___ SUPPLIED ENTRIES ___

(* Let $\alpha_i,\beta_i,\gamma_i,\delta_i\in(0,\pi)$ satisfy $\alpha_i\pm\beta_i\pm\gamma_i\pm\delta_i\not\equiv0\pmod{2\pi}$ for all sign choices, and suppose $M_i>0$. Then $\overline{\alpha}_i,\overline{\beta}_i,\overline{\gamma}_i,\overline{\delta}_i\in(0,\pi)$ and \[r_i,\ s_i,\ f_i,\ (r_i-1)(r_i-M_i),\ (s_i-1)(s_i-M_i),\ (f_i-1)(f_i-M_i),\ (r_i-1)(s_i-1)(f_i-1)(1-M_i)\] are all strictly positive.
   Context: $\sigma_i=(\alpha_i+\beta_i+\gamma_i+\delta_i)/2$, $\overline{\alpha}_i=\sigma_i-\alpha_i$, $\overline{\beta}_i=\sigma_i-\beta_i$, $\overline{\gamma}_i=\sigma_i-\gamma_i$, $\overline{\delta}_i=\sigma_i-\delta_i$; $a_i=\sin\alpha_i/\sin\overline{\alpha}_i$, $b_i=\sin\beta_i/\sin\overline{\beta}_i$, $c_i=\sin\gamma_i/\sin\overline{\gamma}_i$, $d_i=\sin\delta_i/\sin\overline{\delta}_i$, $M_i=a_ib_ic_id_i$, $r_i=a_id_i$, $s_i=c_id_i$, $f_i=a_ic_i$. *)

From Stdlib Require Import Reals.
Open Scope R_scope.

Definition sigma (al be ga de : R) : R := (al + be + ga + de) / 2.
Definition albar (al be ga de : R) : R := sigma al be ga de - al.
Definition bebar (al be ga de : R) : R := sigma al be ga de - be.
Definition gabar (al be ga de : R) : R := sigma al be ga de - ga.
Definition debar (al be ga de : R) : R := sigma al be ga de - de.

Definition ca (al be ga de : R) : R := sin al / sin (albar al be ga de).
Definition cb (al be ga de : R) : R := sin be / sin (bebar al be ga de).
Definition cc (al be ga de : R) : R := sin ga / sin (gabar al be ga de).
Definition cd (al be ga de : R) : R := sin de / sin (debar al be ga de).

Definition cM (al be ga de : R) : R :=
  ca al be ga de * cb al be ga de * cc al be ga de * cd al be ga de.
Definition cr (al be ga de : R) : R := ca al be ga de * cd al be ga de.
Definition cs (al be ga de : R) : R := cc al be ga de * cd al be ga de.
Definition cf (al be ga de : R) : R := ca al be ga de * cc al be ga de.

Definition sgn (b : bool) : R := if b then 1 else -1.

From Pilot Require Import Defs.
From Stdlib Require Import Reals Lra.
Open Scope R_scope.

(* Product-to-sum gives, for every s,
     sin x sin y - sin (s - x) sin (s - y) = sin s sin (x + y - s),
   so r_i - 1, s_i - 1, f_i - 1, 1 - b_i c_i, 1 - a_i b_i and 1 - b_i d_i are each
   sin σ_i times the sine of a half signed sum (α_i ± β_i ± γ_i ± δ_i)/2, divided by
   sines of barred angles; likewise 1 - M_i = - sin σ_i sin e1 sin e2 sin e3 divided by
   the product of the sines of the barred angles, the e_j being the half signed sums
   with two minus signs.  The hypothesis on α_i ± β_i ± γ_i ± δ_i says exactly that all
   these sines are nonzero, and once the barred angles lie in (0, π) every claimed
   quantity is a positive multiple of a square.  They do: any two barred angles have
   sum in (0, 2π) and difference in (-π, π), so if one of them left (0, π) the other
   three would stay inside and M_i would be <= 0. *)

(* [ca al be ga de] is [sin_ratio (sigma al be ga de) al] by conversion. *)
Definition sin_ratio (s x : R) : R := sin x / sin (s - x).

Lemma sin_mul_sub_sin_sub_mul (s x y : R) :
  sin x * sin y - sin (s - x) * sin (s - y) = sin s * sin (x + y - s).
Proof.
  rewrite !sin_minus, sin_plus, cos_plus.
  pose proof (sin2_cos2 s) as Hpyth; unfold Rsqr in Hpyth.
  replace (sin x * sin y) with ((sin s * sin s + cos s * cos s) * (sin x * sin y)) at 1
    by (rewrite Hpyth; ring).
  ring.
Qed.

Lemma sin_mul_sub_sin_mul_of_add_eq (x y u v : R) :
  x + y = u + v -> sin x * sin y - sin u * sin v = sin (x - u) * sin (v - x).
Proof.
  intros Hsum.
  replace v with (x + y - u) by lra.
  replace (x + y - u - x) with (y - u) by ring.
  rewrite !sin_minus, sin_plus, cos_plus.
  pose proof (sin2_cos2 u) as Hpyth; unfold Rsqr in Hpyth.
  replace (sin x * sin y) with ((sin u * sin u + cos u * cos u) * (sin x * sin y)) at 1
    by (rewrite Hpyth; ring).
  ring.
Qed.

Lemma sin_sub_prod4 (s x y u v : R) :
  x + y + u + v = 2 * s ->
  sin (s - x) * sin (s - y) * sin (s - u) * sin (s - v) - sin x * sin y * sin u * sin v
  = - sin s * sin (x + y - s) * sin (x + u - s) * sin (x + v - s).
Proof.
  intros Hsum.
  pose proof (sin_mul_sub_sin_sub_mul s x v) as Hxv.
  pose proof (sin_mul_sub_sin_sub_mul s y u) as Hyu.
  pose proof (sin_mul_sub_sin_mul_of_add_eq x v (s - y) (s - u)) as Hcross.
  replace (y + u - s) with (- (x + v - s)) in Hyu by lra.
  replace (x - (s - y)) with (x + y - s) in Hcross by ring.
  replace (s - u - x) with (- (x + u - s)) in Hcross by ring.
  rewrite sin_neg in Hyu, Hcross.
  specialize (Hcross ltac:(lra)).
  (* expanding sin x sin v and sin y sin u by [Hxv] and [Hyu] leaves exactly [Hcross] *)
  replace (sin x * sin y * sin u * sin v) with ((sin x * sin v) * (sin y * sin u)) by ring.
  replace (sin x * sin v) with (sin (s - x) * sin (s - v) + sin s * sin (x + v - s)) in *
    by lra.
  replace (sin y * sin u) with (sin (s - y) * sin (s - u) - sin s * sin (x + v - s)) by lra.
  replace (- sin s * sin (x + y - s) * sin (x + u - s) * sin (x + v - s))
    with (sin s * sin (x + v - s) * (sin (x + y - s) * - sin (x + u - s))) by ring.
  rewrite <- Hcross. ring.
Qed.

Lemma sin_ratio_mul_sub1 (s x y : R) :
  sin (s - x) <> 0 -> sin (s - y) <> 0 ->
  sin_ratio s x * sin_ratio s y - 1 = sin s * sin (x + y - s) / (sin (s - x) * sin (s - y)).
Proof.
  intros Hx Hy.
  rewrite <- sin_mul_sub_sin_sub_mul.
  unfold sin_ratio. field. auto.
Qed.

Lemma one_sub_sin_ratio_prod4 (s x y u v : R) :
  x + y + u + v = 2 * s ->
  sin (s - x) <> 0 -> sin (s - y) <> 0 -> sin (s - u) <> 0 -> sin (s - v) <> 0 ->
  1 - sin_ratio s x * sin_ratio s y * sin_ratio s u * sin_ratio s v
  = - sin s * sin (x + y - s) * sin (x + u - s) * sin (x + v - s)
    / (sin (s - x) * sin (s - y) * sin (s - u) * sin (s - v)).
Proof.
  intros Hsum Hx Hy Hu Hv.
  rewrite <- sin_sub_prod4 by exact Hsum.
  unfold sin_ratio. field. auto.
Qed.

Lemma sin_nonpos_of_not_in_0_PI (a : R) :
  -PI <= a <= 2 * PI -> a <= 0 \/ PI <= a -> sin a <= 0.
Proof.
  intros Ha [Hneg | Hbig].
  - rewrite <- (Ropp_involutive a), sin_neg.
    pose proof (sin_ge_0 (- a)). lra.
  - apply sin_le_0; lra.
Qed.

Lemma sub_in_0_PI_of_sin_ratio_prod_pos (s x y u v : R) :
  x + y + u + v = 2 * s ->
  0 < x < PI -> 0 < y < PI -> 0 < u < PI -> 0 < v < PI ->
  0 < sin_ratio s x * sin_ratio s y * sin_ratio s u * sin_ratio s v ->
  0 < s - x < PI.
Proof.
  intros Hsum Hx Hy Hu Hv Hprod.
  destruct (ltac:(lra) : 0 < s - x < PI \/ s - x <= 0 \/ PI <= s - x) as [Hin | Hout];
    [exact Hin | exfalso].
  assert (Hother : forall w, 0 < w < PI -> 0 < 2 * s - x - w < 2 * PI -> 0 < sin_ratio s w).
  { intros w Hw Hpair.
    apply Rdiv_lt_0_compat; apply sin_gt_0; lra. }
  assert (Hsx : sin (s - x) <= 0) by (apply sin_nonpos_of_not_in_0_PI; lra).
  (* [sin_ratio s x <= 0] holds also when [sin (s - x) = 0], as then the ratio is 0 *)
  assert (Hratio : sin_ratio s x <= 0).
  { unfold sin_ratio.
    destruct (Req_dec (sin (s - x)) 0) as [Hzero | Hnz].
    - rewrite Hzero. unfold Rdiv. rewrite Rinv_0. lra.
    - apply Rlt_le, Rdiv_pos_neg; [apply sin_gt_0|]; lra. }
  assert (Hrest : 0 < sin_ratio s y * sin_ratio s u * sin_ratio s v).
  { apply Rmult_lt_0_compat; [apply Rmult_lt_0_compat|]; apply Hother; lra. }
  pose proof (Rmult_le_compat_r _ _ _ (Rlt_le _ _ Hrest) Hratio).
  lra.
Qed.

Lemma sin_ratio_pair_pos (s x y u v : R) :
  x + y + u + v = 2 * s ->
  0 < sin (s - x) -> 0 < sin (s - y) -> 0 < sin (s - u) -> 0 < sin (s - v) ->
  sin s <> 0 -> sin (x + y - s) <> 0 ->
  0 < sin_ratio s x * sin_ratio s y ->
  0 < (sin_ratio s x * sin_ratio s y - 1)
      * (sin_ratio s x * sin_ratio s y
         - sin_ratio s x * sin_ratio s y * (sin_ratio s u * sin_ratio s v)).
Proof.
  intros Hsum Hx Hy Hu Hv HK HE Hr.
  set (r := sin_ratio s x * sin_ratio s y).
  assert (Hq : sin_ratio s u * sin_ratio s v - 1
               = - (sin s * sin (x + y - s)) / (sin (s - u) * sin (s - v))).
  { rewrite sin_ratio_mul_sub1 by lra.
    replace (u + v - s) with (- (x + y - s)) by lra.
    rewrite sin_neg. field. lra. }
  replace ((r - 1) * (r - r * (sin_ratio s u * sin_ratio s v)))
    with (r * (sin s * sin (x + y - s))²
          / (sin (s - x) * sin (s - y) * sin (s - u) * sin (s - v))).
  - apply Rdiv_lt_0_compat.
    + apply Rmult_lt_0_compat; [exact Hr|].
      apply Rsqr_pos_lt, Rmult_integral_contrapositive_currified; assumption.
    + repeat apply Rmult_lt_0_compat; assumption.
  - replace (r - r * (sin_ratio s u * sin_ratio s v))
      with (- r * (sin_ratio s u * sin_ratio s v - 1)) by ring.
    unfold r at 2. rewrite Hq, sin_ratio_mul_sub1 by lra.
    unfold Rsqr. field. repeat split; lra.
Qed.

Lemma sin_ratio_cycle_pos (s x y u v : R) :
  x + y + u + v = 2 * s ->
  0 < sin (s - x) -> 0 < sin (s - y) -> 0 < sin (s - u) -> 0 < sin (s - v) ->
  sin s <> 0 -> sin (x + y - s) <> 0 -> sin (x + u - s) <> 0 -> sin (x + v - s) <> 0 ->
  0 < (sin_ratio s x * sin_ratio s v - 1) * (sin_ratio s u * sin_ratio s v - 1)
      * (sin_ratio s x * sin_ratio s u - 1)
      * (1 - sin_ratio s x * sin_ratio s y * sin_ratio s u * sin_ratio s v).
Proof.
  intros Hsum Hx Hy Hu Hv HK Ey Eu Ev.
  rewrite !sin_ratio_mul_sub1, one_sub_sin_ratio_prod4 by lra.
  replace (u + v - s) with (- (x + y - s)) by lra.
  rewrite sin_neg.
  set (T := sin (s - x) * sin (s - u) * sin (s - v)).
  replace (_ * _ * _ * _)
    with ((sin s * sin s * sin (x + y - s) * sin (x + u - s) * sin (x + v - s))²
          / (T ^ 3 * sin (s - y))).
  - apply Rdiv_lt_0_compat.
    + apply Rsqr_pos_lt.
      repeat apply Rmult_integral_contrapositive_currified; assumption.
    + apply Rmult_lt_0_compat; [apply pow_lt|exact Hy].
      unfold T; repeat apply Rmult_lt_0_compat; assumption.
  - unfold T, Rsqr. field. repeat split; lra.
Qed.

Lemma sin_neq0_of_double (w z : R) :
  (forall k : Z, z <> 2 * IZR k * PI) -> z = 2 * w -> sin w <> 0.
Proof.
  intros Hz Hw Hsin.
  destruct (sin_eq_0_0 w Hsin) as [k Hk].
  apply (Hz k). rewrite Hw, Hk. ring.
Qed.

(* Qualified, since [Reals] also exports a [sigma] (finite sums) that shadows it. *)
Lemma sum_eq_twice_sigma (al be ga de : R) : al + be + ga + de = 2 * Defs.sigma al be ga de.
Proof. unfold Defs.sigma. field. Qed.

Section Angles.

Variables al be ga de : R.
Hypothesis Hal : 0 < al < PI.
Hypothesis Hbe : 0 < be < PI.
Hypothesis Hga : 0 < ga < PI.
Hypothesis Hde : 0 < de < PI.
Hypothesis Hnondeg : forall (s1 s2 s3 : bool) (k : Z),
  al + sgn s1 * be + sgn s2 * ga + sgn s3 * de <> 2 * IZR k * PI.
Hypothesis HM : 0 < cM al be ga de.

Local Notation s := (Defs.sigma al be ga de).

Let Hsum : al + be + ga + de = 2 * s := sum_eq_twice_sigma al be ga de.

Lemma barred_angles_in_0_PI :
  0 < albar al be ga de < PI /\ 0 < bebar al be ga de < PI /\
  0 < gabar al be ga de < PI /\ 0 < debar al be ga de < PI.
Proof.
  assert (Hprod : 0 < sin_ratio s al * sin_ratio s be * sin_ratio s ga * sin_ratio s de)
    by exact HM.
  split; [|split; [|split]].
  - apply (sub_in_0_PI_of_sin_ratio_prod_pos s al be ga de); lra.
  - apply (sub_in_0_PI_of_sin_ratio_prod_pos s be al ga de); lra.
  - apply (sub_in_0_PI_of_sin_ratio_prod_pos s ga al be de); lra.
  - apply (sub_in_0_PI_of_sin_ratio_prod_pos s de al be ga); lra.
Qed.

Let sin_barred_pos :
  0 < sin (s - al) /\ 0 < sin (s - be) /\ 0 < sin (s - ga) /\ 0 < sin (s - de).
Proof.
  destruct barred_angles_in_0_PI as (Ba & Bb & Bc & Bd).
  unfold albar, bebar, gabar, debar in *.
  repeat split; apply sin_gt_0; lra.
Qed.

Let sin_half_signed_sums_neq0 :
  sin s <> 0 /\ sin (al + be - s) <> 0 /\ sin (al + ga - s) <> 0 /\ sin (al + de - s) <> 0.
Proof.
  split; [|split; [|split]].
  - apply (sin_neq0_of_double _ _ (Hnondeg true true true)). cbv [sgn]. lra.
  - apply (sin_neq0_of_double _ _ (Hnondeg true false false)). cbv [sgn]. lra.
  - apply (sin_neq0_of_double _ _ (Hnondeg false true false)). cbv [sgn]. lra.
  - apply (sin_neq0_of_double _ _ (Hnondeg false false true)). cbv [sgn]. lra.
Qed.

Lemma pair_ratios_pos : 0 < cr al be ga de /\ 0 < cs al be ga de /\ 0 < cf al be ga de.
Proof.
  destruct sin_barred_pos as (Ta & Tb & Tc & Td).
  assert (Ha : 0 < sin_ratio s al) by (apply Rdiv_lt_0_compat; [apply sin_gt_0|]; lra).
  assert (Hc : 0 < sin_ratio s ga) by (apply Rdiv_lt_0_compat; [apply sin_gt_0|]; lra).
  assert (Hd : 0 < sin_ratio s de) by (apply Rdiv_lt_0_compat; [apply sin_gt_0|]; lra).
  split; [|split]; apply Rmult_lt_0_compat; assumption.
Qed.

Lemma pair_ratio_gaps_pos :
  0 < (cr al be ga de - 1) * (cr al be ga de - cM al be ga de) /\
  0 < (cs al be ga de - 1) * (cs al be ga de - cM al be ga de) /\
  0 < (cf al be ga de - 1) * (cf al be ga de - cM al be ga de).
Proof.
  destruct sin_barred_pos as (Ta & Tb & Tc & Td).
  destruct sin_half_signed_sums_neq0 as (HK & Hab & Hag & Had).
  destruct pair_ratios_pos as (Hr & Hs & Hf).
  assert (Hgd : sin (ga + de - s) <> 0).
  { replace (ga + de - s) with (- (al + be - s)) by lra.
    rewrite sin_neg. now apply Ropp_neq_0_compat. }
  split; [|split].
  - replace (cM al be ga de) with (cr al be ga de * (cb al be ga de * cc al be ga de))
      by (unfold cM, cr; ring).
    apply (sin_ratio_pair_pos s al de be ga); auto; lra.
  - replace (cM al be ga de) with (cs al be ga de * (ca al be ga de * cb al be ga de))
      by (unfold cM, cs; ring).
    apply (sin_ratio_pair_pos s ga de al be); auto; lra.
  - replace (cM al be ga de) with (cf al be ga de * (cb al be ga de * cd al be ga de))
      by (unfold cM, cf; ring).
    apply (sin_ratio_pair_pos s al ga be de); auto; lra.
Qed.

Lemma pair_ratio_cycle_pos :
  0 < (cr al be ga de - 1) * (cs al be ga de - 1) * (cf al be ga de - 1)
      * (1 - cM al be ga de).
Proof.
  destruct sin_barred_pos as (Ta & Tb & Tc & Td).
  destruct sin_half_signed_sums_neq0 as (HK & Hab & Hag & Had).
  apply (sin_ratio_cycle_pos s al be ga de); auto.
Qed.

End Angles.

Theorem lemma4 (al be ga de : R) :
  0 < al < PI -> 0 < be < PI -> 0 < ga < PI -> 0 < de < PI ->
  (forall (s1 s2 s3 : bool) (k : Z),
      al + sgn s1 * be + sgn s2 * ga + sgn s3 * de <> 2 * IZR k * PI) ->
  0 < cM al be ga de ->
  (0 < albar al be ga de < PI /\ 0 < bebar al be ga de < PI /\
   0 < gabar al be ga de < PI /\ 0 < debar al be ga de < PI) /\
  (0 < cr al be ga de /\ 0 < cs al be ga de /\ 0 < cf al be ga de /\
   0 < (cr al be ga de - 1) * (cr al be ga de - cM al be ga de) /\
   0 < (cs al be ga de - 1) * (cs al be ga de - cM al be ga de) /\
   0 < (cf al be ga de - 1) * (cf al be ga de - cM al be ga de) /\
   0 < (cr al be ga de - 1) * (cs al be ga de - 1) * (cf al be ga de - 1)
       * (1 - cM al be ga de)).
Proof.
  intros Hal Hbe Hga Hde Hnondeg HM.
  split; [now apply barred_angles_in_0_PI|].
  destruct (pair_ratios_pos al be ga de) as (Hr & Hs & Hf); auto.
  destruct (pair_ratio_gaps_pos al be ga de) as (Gr & Gs & Gf); auto.
  pose proof (pair_ratio_cycle_pos al be ga de Hal Hbe Hga Hde Hnondeg HM) as Hcycle.
  repeat (split; [assumption|]); assumption.
Qed.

___

- _WHAT TO WORK ON_: Return every line of the records in which the word "divided" is found.

- _SOLUTION TO THE PROBLEM_:
   sin σ_i times the sine of a half signed sum (α_i ± β_i ± γ_i ± δ_i)/2, divided by
   sines of barred angles; likewise 1 - M_i = - sin σ_i sin e1 sin e2 sin e3 divided by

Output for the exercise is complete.